Whereas juice of white peaches is the essential one-third of an authentic Bellini, the other two-thirds must be supplied by Prosecco, a sparkling white wine produced just to the north of Venice in Conegliano-Valdobbiadene region. It is made of the varietal of the same name and it is usually a lovely wine. I have never as yet been disappointed by Prosecco even though I don’t care for sparkling wines. Low in alcohol, pale silvery yellow in colour, with plentiful minute pearly bubbles (the smaller the bubbles the better the quality of sparkling is) this wine often displays a delicate floral and white fruit bouquet.
So after I bought some Californian white peaches (as it is my first summer in Toronto I am not sure whether there would be any white peaches of local origin that would hit the market in July, so I took no chances) this naturally called for some Prosecco.
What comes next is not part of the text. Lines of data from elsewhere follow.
(* Let $0<\rho<\frac{\pi}{6}$, set $\theta_1=0$, $\theta_2=\frac{\pi}{2}+\rho$, $T_1=[\theta_2,\pi]$ and $T_2=[2\rho,\frac{\pi}{2}-\rho]$, and for $p>0$ define $\Delta_p(\theta)=|\cos(\theta-\theta_2)|^p+|\cos(\theta-\theta_1)|^p$. Then: (a) For all $0<p\le 2$ and all $\theta\in T_1$, $\Delta_p(\theta)\ge 1$. (b) For all $0<p\le\frac{\log 3}{\log 2}$ and all $\theta_i\in T_1$, $\theta_j\in T_2$, $\Delta_p(\theta_i)+\Delta_p(\theta_j)\ge 2$. *)

From Stdlib Require Import Reals.
Open Scope R_scope.

(* x^p for x >= 0 and real exponent p > 0, with the convention 0^p = 0. *)
Definition rpow (x p : R) : R := if Req_EM_T x 0 then 0 else Rpower x p.

Definition theta1 : R := 0.
Definition theta2 (rho : R) : R := PI / 2 + rho.

Definition Deltap (rho p theta : R) : R :=
  rpow (Rabs (cos (theta - theta2 rho))) p + rpow (Rabs (cos (theta - theta1))) p.

From Stdlib Require Import Reals Lra Psatz.
From Coquelicot Require Import Coquelicot.
Open Scope R_scope.

(* For [theta] in [T1] the two cosines [A], [B] lie in [[sin rho, 1]] and satisfy
   [A^2 + B^2 >= 1 + sin^2 rho].  As [t |-> t^(p/2)] is concave for [p <= 2], this gives
   [Delta_p >= A^2 + B^2 >= 1], and by majorization [Delta_p >= 1 + sin^p rho].
   For [theta] in [T2], [Delta_p theta = sin^p a + sin^p b] with [a + b + rho = PI/2], so (b)
   reduces to [sin^p a + sin^p b + sin^p c >= 1] whenever [a, b, c > 0] sum to [PI/2].  It
   suffices to take the largest exponent [p = log2 3], for which [a = b = c = PI/6] is an
   equality case.  There [sin^p] is convex on [(0, PI/6]], which reduces the claim to two
   equal small angles, i.e. to [(1 - 2 s^2)^p + 2 s^p >= 1] for [0 < s <= 1/2]; this follows
   from lower bounds [x^p >= x^2 / (tangent line of x^(2-p))] and polynomial estimates. *)

Lemma Rpower_1_base (p : R) : Rpower 1 p = 1.
Proof. unfold Rpower. rewrite ln_1, Rmult_0_r. apply exp_0. Qed.

Lemma Rpower_sq (x : R) : 0 < x -> Rpower x 2 = x ^ 2.
Proof. intros Hx. replace 2 with (INR 2) by (simpl; lra). now apply Rpower_pow. Qed.

Lemma Rpower_sq_half (x p : R) : 0 < x -> Rpower x p = Rpower (x ^ 2) (p / 2).
Proof. intros Hx. rewrite <- Rpower_sq, Rpower_mult by exact Hx. f_equal. field. Qed.

Lemma Rpower_gt_0 (x p : R) : 0 < Rpower x p.
Proof. apply exp_pos. Qed.

Lemma Rle_Rpower_base_le_1 (x p q : R) : 0 < x <= 1 -> p <= q -> Rpower x q <= Rpower x p.
Proof.
  intros Hx Hpq. unfold Rpower.
  assert (Hln : ln x <= 0) by (rewrite <- ln_1; apply ln_le; lra).
  assert (H : q * ln x <= p * ln x) by nra.
  destruct (Rle_lt_or_eq_dec _ _ H) as [Hlt|Heq].
  - now apply Rlt_le, exp_increasing.
  - rewrite Heq. lra.
Qed.

Lemma Rpower_le_tangent_at_1 (y q : R) : 0 < y -> 0 <= q <= 1 -> Rpower y q <= 1 + q * (y - 1).
Proof.
  intros Hy Hq. unfold Rpower. set (L := ln y).
  (* A convex combination of [1 + t <= exp t] at t = (1 - q) L and t = - q L. *)
  assert (E1 := exp_ineq1_le ((1 - q) * L)).
  assert (E2 := exp_ineq1_le (- (q * L))).
  assert (Hy' : exp ((1 - q) * L) * exp (q * L) = y).
  { rewrite <- exp_plus. replace ((1 - q) * L + q * L) with L by ring. now apply exp_ln. }
  assert (H1 : exp (- (q * L)) * exp (q * L) = 1).
  { rewrite <- exp_plus. replace (- (q * L) + q * L) with 0 by ring. apply exp_0. }
  assert (P := exp_pos (q * L)).
  assert (0 <= q * (exp ((1 - q) * L) - (1 + (1 - q) * L)) * exp (q * L)).
  { apply Rmult_le_pos; [apply Rmult_le_pos|]; lra. }
  assert (0 <= (1 - q) * (exp (- (q * L)) - (1 + - (q * L))) * exp (q * L)).
  { apply Rmult_le_pos; [apply Rmult_le_pos|]; lra. }
  rewrite <- Hy'. nra.
Qed.

Lemma sq_le_tangent_Rpower (x y p : R) : 0 < x -> 0 < y -> 1 <= p <= 2 ->
  x ^ 2 <= Rpower y (2 - p) * (1 + (2 - p) * (x / y - 1)) * Rpower x p.
Proof.
  intros Hx Hy Hp.
  assert (Hxy : 0 < x / y) by (apply Rdiv_lt_0_compat; lra).
  assert (Hsplit : x ^ 2 = Rpower y (2 - p) * Rpower (x / y) (2 - p) * Rpower x p).
  { rewrite Rpower_mult_distr by lra.
    replace (y * (x / y)) with x by (field; lra).
    rewrite <- Rpower_plus. replace (2 - p + p) with 2 by ring.
    now rewrite Rpower_sq. }
  rewrite Hsplit.
  assert (Ht := Rpower_le_tangent_at_1 (x / y) (2 - p) Hxy ltac:(lra)).
  pose proof (Rpower_gt_0 y (2 - p)). pose proof (Rpower_gt_0 x p).
  apply Rmult_le_compat_r; [lra|]. apply Rmult_le_compat_l; lra.
Qed.

(* [t ^ q] lies above its chord on [[m, 1]]. *)
Lemma Rpower_above_chord (X m q : R) : 0 < m <= X -> X <= 1 -> 0 <= q <= 1 ->
  (X - m) + (1 - X) * Rpower m q <= (1 - m) * Rpower X q.
Proof.
  intros Hm HX Hq. set (g := Rpower X q).
  assert (Hg : 0 < g) by apply Rpower_gt_0.
  assert (Hm' : 0 < m / X) by (apply Rdiv_lt_0_compat; lra).
  assert (HX' : 0 < 1 / X) by (apply Rdiv_lt_0_compat; lra).
  assert (T1 : 1 <= g * (1 + q * (1 / X - 1))).
  { replace 1 with (Rpower (1 / X) q * g) at 1.
    - rewrite (Rmult_comm _ g). apply Rmult_le_compat_l; [lra|].
      now apply Rpower_le_tangent_at_1.
    - unfold g. rewrite Rpower_mult_distr by lra.
      replace (1 / X * X) with 1 by (field; lra). apply Rpower_1_base. }
  assert (Tm : Rpower m q <= g * (1 + q * (m / X - 1))).
  { replace (Rpower m q) with (Rpower (m / X) q * g).
    - rewrite (Rmult_comm _ g). apply Rmult_le_compat_l; [lra|].
      now apply Rpower_le_tangent_at_1.
    - unfold g. rewrite Rpower_mult_distr by lra. f_equal. field. lra. }
  assert (Hid : (X - m) * (1 + q * (1 / X - 1)) + (1 - X) * (1 + q * (m / X - 1)) = 1 - m)
    by (field; lra).
  assert ((X - m) * 1 <= (X - m) * (g * (1 + q * (1 / X - 1))))
    by (apply Rmult_le_compat_l; lra).
  assert ((1 - X) * Rpower m q <= (1 - X) * (g * (1 + q * (m / X - 1))))
    by (apply Rmult_le_compat_l; lra).
  rewrite <- Hid. nra.
Qed.

Lemma Rpower_pair_majorization (X Y m q : R) :
  0 < m <= X -> X <= 1 -> m <= Y -> Y <= 1 -> 1 + m <= X + Y -> 0 <= q <= 1 ->
  1 + Rpower m q <= Rpower X q + Rpower Y q.
Proof.
  intros HmX HX HmY HY Hsum Hq.
  destruct (Req_dec m 1) as [->|Hm1].
  { assert (X = 1) as -> by lra. assert (Y = 1) as -> by lra. rewrite Rpower_1_base. lra. }
  assert (CX := Rpower_above_chord X m q HmX HX Hq).
  assert (CY := Rpower_above_chord Y m q ltac:(lra) HY Hq).
  assert (Hgm : Rpower m q <= 1).
  { rewrite <- (Rpower_O m) by lra. apply Rle_Rpower_base_le_1; lra. }
  assert (0 <= (X + Y - 1 - m) * (1 - Rpower m q)) by (apply Rmult_le_pos; lra).
  apply Rmult_le_reg_l with (1 - m); nra.
Qed.

Definition log2_3 : R := ln 3 / ln 2.

Lemma ln2_gt_0 : 0 < ln 2.
Proof. rewrite <- ln_1. apply ln_increasing; lra. Qed.

Lemma Rpower_2_log2_3 : Rpower 2 log2_3 = 3.
Proof.
  unfold Rpower, log2_3. pose proof ln2_gt_0.
  replace (ln 3 / ln 2 * ln 2) with (ln 3) by (field; lra). apply exp_ln; lra.
Qed.

Lemma Rpower_half_log2_3 : Rpower (1 / 2) log2_3 = 1 / 3.
Proof.
  assert (H := Rpower_mult_distr (1 / 2) 2 log2_3 ltac:(lra) ltac:(lra)).
  replace (1 / 2 * 2) with 1 in H by field.
  rewrite Rpower_1_base, Rpower_2_log2_3 in H. lra.
Qed.

Lemma Rpower_half_2_minus_log2_3 : Rpower (1 / 2) (2 - log2_3) = 3 / 4.
Proof.
  unfold Rminus. rewrite Rpower_plus, Rpower_Ropp, Rpower_half_log2_3, Rpower_sq by lra.
  field.
Qed.

Lemma log2_3_bounds : 15849 / 10000 <= log2_3 <= 1585 / 1000.
Proof.
  pose proof ln2_gt_0.
  assert (L1 : ln (2 ^ 84) <= ln (3 ^ 53)).
  { apply ln_le; [apply pow_lt; lra|]. rewrite !pow_IZR. apply IZR_le. now vm_compute. }
  assert (L2 : ln (3 ^ 200) <= ln (2 ^ 317)).
  { apply ln_le; [apply pow_lt; lra|]. rewrite !pow_IZR. apply IZR_le. now vm_compute. }
  rewrite !ln_pow, !INR_IZR_INZ in L1, L2 by lra. simpl in L1, L2.
  unfold log2_3. split; apply Rmult_le_reg_r with (ln 2); auto;
    replace (ln 3 / ln 2 * ln 2) with (ln 3) by (field; lra); lra.
Qed.

Lemma sq_le_tangent_at_1_log2_3 (x : R) : 0 < x ->
  x ^ 2 <= (1 + (2 - log2_3) * (x - 1)) * Rpower x log2_3.
Proof.
  intros Hx. pose proof log2_3_bounds as Hp.
  assert (Ht := sq_le_tangent_Rpower x 1 log2_3 Hx ltac:(lra) ltac:(lra)).
  now rewrite Rpower_1_base, Rmult_1_l, Rdiv_1_r in Ht.
Qed.

Lemma sq_le_tangent_at_half_log2_3 (x : R) : 0 < x ->
  4 * x ^ 2 <= 3 * (1 + (2 - log2_3) * (2 * x - 1)) * Rpower x log2_3.
Proof.
  intros Hx. pose proof log2_3_bounds as Hp.
  assert (Ht := sq_le_tangent_Rpower x (1 / 2) log2_3 Hx ltac:(lra) ltac:(lra)).
  rewrite Rpower_half_2_minus_log2_3 in Ht.
  replace (x / (1 / 2)) with (2 * x) in Ht by field. lra.
Qed.

(* Bounding each coefficient with the range of [r] leaves a cubic in [S] that
   decreases on [0, 37/100] and is positive at [37/100]. *)
Lemma small_S_poly_nonneg (S r : R) : 0 <= S <= 37/100 -> 415/1000 <= r <= 4151/10000 ->
  0 <= -4 + 18*r - 6*r^2 - 24*S*r + 12*S*r^2 + 12*S^2 - 28*S^2*r + 24*S^3*r.
Proof.
  intros HS Hr.
  assert (h0 : -4 + 18*r - 6*r^2 >= 24366/10000) by nra.
  assert (h1 : S * (- 24*r + 12*r^2) >= S * (-7895/1000))
    by (apply Rmult_ge_compat_l; nra).
  assert (h2 : S^2 * (12 - 28*r) >= S^2 * (377/1000))
    by (apply Rmult_ge_compat_l; [apply Rle_ge, pow2_ge_0 | lra]).
  assert (h3 : S^3 * (24 * r) >= S^3 * (996/100))
    by (apply Rmult_ge_compat_l; [apply Rle_ge, pow_le; lra | lra]).
  assert (Hslope : -7895/1000 + 377/1000*(S+37/100) + 996/100*(S^2 + 37/100*S + (37/100)^2) <= 0)
    by nra.
  assert (0 <= (37/100 - S) * - (-7895/1000 + 377/1000*(S+37/100)
                                  + 996/100*(S^2 + 37/100*S + (37/100)^2))) by nra.
  nra.
Qed.

(* As above, with the cubic now increasing on [37/100, 1/2]. *)
Lemma large_S_poly_nonneg (S r : R) : 37/100 <= S <= 1/2 -> 415/1000 <= r <= 4151/10000 ->
  0 <= 1 - 4*r + 3*r^2 + S*(4 - 14*r + 6*r^2) + S^2*(4 - 4*r) + 8*r*S^3.
Proof.
  intros HS Hr.
  assert (h0 : 1 - 4*r + 3*r^2 >= -1435/10000) by nra.
  assert (h1 : S * (4 - 14*r + 6*r^2) >= S * (-7776/10000))
    by (apply Rmult_ge_compat_l; nra).
  assert (h2 : S^2 * (4 - 4*r) >= S^2 * (23396/10000))
    by (apply Rmult_ge_compat_l; [apply Rle_ge, pow2_ge_0 | lra]).
  assert (h3 : S^3 * (8*r) >= S^3 * (332/100))
    by (apply Rmult_ge_compat_l; [apply Rle_ge, pow_le; lra | lra]).
  assert (Hslope : -7776/10000 + 23396/10000*(S+37/100) + 332/100*(S^2 + 37/100*S + (37/100)^2) >= 0)
    by nra.
  assert (0 <= (S - 37/100) * (-7776/10000 + 23396/10000*(S+37/100)
                               + 332/100*(S^2 + 37/100*S + (37/100)^2))) by nra.
  nra.
Qed.

Lemma sum_ge_1_of_fraction_bounds (n1 d1 n2 d2 W Z : R) : 0 < d1 -> 0 < d2 ->
  n1 <= d1 * W -> n2 <= d2 * Z -> d1 * d2 <= n1 * d2 + n2 * d1 -> 1 <= W + Z.
Proof.
  intros Hd1 Hd2 HW HZ Hn.
  apply Rmult_le_reg_l with (d1 * d2); [nra|]. nra.
Qed.

(* Both powers are bounded below through [sq_le_tangent_Rpower], at [y = 1/2] (resp. [y = 1]
   for [1 - 2 S^2] when [S] is small); clearing denominators leaves [S^2], resp. [(2S - 1)^2],
   times the polynomials above. *)
Lemma Rpower_log2_3_double_angle (S : R) : 0 < S <= 1/2 ->
  1 <= Rpower (1 - 2 * S ^ 2) log2_3 + 2 * Rpower S log2_3.
Proof.
  intros HS. pose proof log2_3_bounds. set (r := 2 - log2_3).
  assert (Hr : 415/1000 <= r <= 4151/10000) by (unfold r; lra).
  set (w := 1 - 2 * S ^ 2).
  assert (Hw : 1/2 <= w < 1) by (unfold w; nra).
  assert (HZ := sq_le_tangent_at_half_log2_3 S ltac:(lra)). fold r in HZ.
  assert (HZ' : 8 * S ^ 2 <= 3 * (1 + r * (2 * S - 1)) * (2 * Rpower S log2_3)) by lra.
  assert (Hd2 : 0 < 3 * (1 + r * (2 * S - 1))) by nra.
  destruct (Rle_lt_dec S (37/100)) as [Hsmall|Hlarge].
  - assert (HW := sq_le_tangent_at_1_log2_3 w ltac:(lra)). fold r in HW.
    apply (sum_ge_1_of_fraction_bounds (w ^ 2) (1 + r * (w - 1)) (8 * S ^ 2)
             (3 * (1 + r * (2 * S - 1)))); [nra | exact Hd2 | exact HW | exact HZ' |].
    assert (P := small_S_poly_nonneg S r ltac:(lra) Hr).
    assert (0 <= S ^ 2 * (-4 + 18*r - 6*r^2 - 24*S*r + 12*S*r^2 + 12*S^2
                          - 28*S^2*r + 24*S^3*r)) by (apply Rmult_le_pos; nra).
    unfold w. nra.
  - assert (HW := sq_le_tangent_at_half_log2_3 w ltac:(lra)). fold r in HW.
    apply (sum_ge_1_of_fraction_bounds (4 * w ^ 2) (3 * (1 + r * (2 * w - 1))) (8 * S ^ 2)
             (3 * (1 + r * (2 * S - 1)))); [nra | exact Hd2 | exact HW | exact HZ' |].
    assert (P := large_S_poly_nonneg S r ltac:(lra) Hr).
    assert (0 <= (2*S - 1) ^ 2 * (1 - 4*r + 3*r^2 + S*(4 - 14*r + 6*r^2)
                                 + S^2*(4 - 4*r) + 8*r*S^3)) by (apply Rmult_le_pos; nra).
    unfold w. nra.
Qed.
There are currently quite a few different Proseccos at the LCBO and I settled for the $15 bottle (LCBO 340570) produced by Cantina Sociale di Valdobbiadene (local wine-makers’ cooperative union). It is actually quite good on its own, with a hint of citrus fruit in the aroma and a slight pleasant zesty tang in flavour.
But my idea was to do a Bellini-experiment and combine Prosecco with white peaches. Having no juice-pressing gadget and being bone-lazy, I decided to deconstruct the cocktail and to my amazement found that white peaches washed down by Bellini are unusually good (brut doesn’t work well with fruit as a rule) and that the flavours do blend to perfection! So here is something new to bring on a June picnic: a deconstructed Bellini, a bottle of cold Prosecco and a few luscious white peaches.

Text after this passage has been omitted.